Skip to content
 

17 groups, 6 group-level predictors: What to do?

Yi-Chun Ou writes:

I am using a multilevel model with three levels. I read that you wrote a book about multilevel models, and wonder if you can solve the following question.

The data structure is like this:

Level one: customer (8444 customers)
Level two: companys (90 companies)
Level three: industry (17 industries)

I use 6 level-three variables (i.e. industry characteristics) to explain the variance of the level-one effect across industries. The question here is whether there is an over-fitting problem since there are only 17 industries. I understand that this must be a problem for non-multilevel models, but is it also a problem for multilevel models?
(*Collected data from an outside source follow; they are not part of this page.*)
Lemma denote_church_body m G tau (d : deriv (tau :: Arr tau tau :: G) (church_body m) tau) r :
  denote d r = iter m (r (Arr tau tau) 1 : sem (Arr tau tau)) (r tau 0).
Proof.
  elim: m G d r => [|m IH] G d r.
  - by case: (deriv_var_inv d).
  - have [U [d1 [d2 ->]]] := deriv_app_inv d.
    have [[EU] ->] := deriv_var_inv d1; subst U.
    by rewrite (IH _ d2).
Qed.

Lemma denote_church m G tau (d : deriv G (church m) (omega tau)) r :
  denote d r = church_sem tau m.
Proof.
  have [d1 ->] := deriv_lam_inv d; have [d2 Hd2] := deriv_lam_inv d1.
  apply/ffunP => f; rewrite !ffunE Hd2; apply/ffunP => x; rewrite !ffunE.
  by rewrite (denote_church_body m G tau d2) /= !cast_id.
Qed.

Lemma denote_eta_church1 G tau (d : deriv G (Lam (Var 0)) (omega tau)) r :
  denote d r = church_sem tau 1.
Proof.
  have [d1 ->] := deriv_lam_inv d; have [_ Hd1] := deriv_var_inv d1.
  apply/ffunP => f; rewrite !ffunE Hd1 /= cast_id.
  by apply/ffunP => x; rewrite ffunE.
Qed.

Lemma conv_church_sem G E tau (dE : deriv G E (Arr (omega tau) (omega tau))) r n m :
  conv (App E (church n)) (church m) -> denote dE r (church_sem tau n) = church_sem tau m.
Proof.
  move=> /conv_join [Q [HEQ HmQ]].
  have [dQ HdQ] := steps_denote (deriv_app dE (church_deriv tau G n)) HEQ.
  have -> : denote dE r (church_sem tau n) = denote (deriv_app dE (church_deriv tau G n)) r.
  { by rewrite -(denote_church n G tau (church_deriv tau G n) r). }
  rewrite HdQ.
  case: (church_reducts HmQ) => [EQ|[-> EQ]]; subst Q.
  - exact: denote_church.
  - exact: denote_eta_church1.
Qed.

Definition church_sem_succ tau (c : sem (omega tau)) : sem (omega tau) :=
  [ffun f : sem (Arr tau tau) => [ffun x => f ((c f : sem (Arr tau tau)) x)]].

Lemma church_semS tau n : church_sem tau n.+1 = church_sem_succ tau (church_sem tau n).
Proof. by apply/ffunP => f; rewrite !ffunE; apply/ffunP => x; rewrite !ffunE. Qed.

Fixpoint negate (A : ty) : sem A -> sem A :=
  match A return sem A -> sem A with
  | o => negb
  | Arr A B => fun g => [ffun v => negate B ((g : sem (Arr A B)) v)]
  end.

Lemma negate_neq A x : negate A x <> x.
Proof.
  elim: A x => [[]//|A1 _ A2 IH2] g Eg.
  by apply: (IH2 (g (inhabitant A1))); rewrite -{2}Eg ffunE.
Qed.

Lemma church_sem_neq_succ tau n : church_sem tau n <> church_sem tau n.+1.
Proof.
  move=> /(congr1 (fun c : sem (omega tau) =>
                     (c [ffun x => negate tau x] : sem (Arr tau tau)) (inhabitant tau))).
  by rewrite !ffunE iterS ffunE => /esym; apply: negate_neq.
Qed.

Theorem proposition3 :
  ~ strictly_definable 1 (fun ns => Nat.div2 (hd 0 ns)).
Proof.
  move=> [tau [E [HE Hdiv]]].
  have [dE] := has_type_deriv HE.
  pose half (c : sem (omega tau)) := denote dE (fun A _ => inhabitant A) c.
  apply: (@nat_not_injective_fin _ (church_sem tau)).
  apply: (halving_injective (church_sem tau) (church_sem_succ tau) half).
  - exact: church_semS.
  - by move=> n; apply: conv_church_sem; apply: (Hdiv [n]).
  - exact: church_sem_neq_succ.
Qed.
My reply: Yes, this could be a problem. I’d suggest combining some of your variables into a common score, or using only some of the variables, or using strong priors to control the inferences. This is an interesting and important area of statistics research, to do this sort of thing systematically. There’s lots of work on what to do with hundreds of data points and thousands of predictors, but not so much with 17 data and 6 predictors.

One Comment

  1. Jeremy Miles says:

    This sounds to me like a situation where you just don’t have enough data (information) to make good inferences. You can try to bring in some more information by using strong priors, but it’s going to be hard to get good answers (I’d have thought).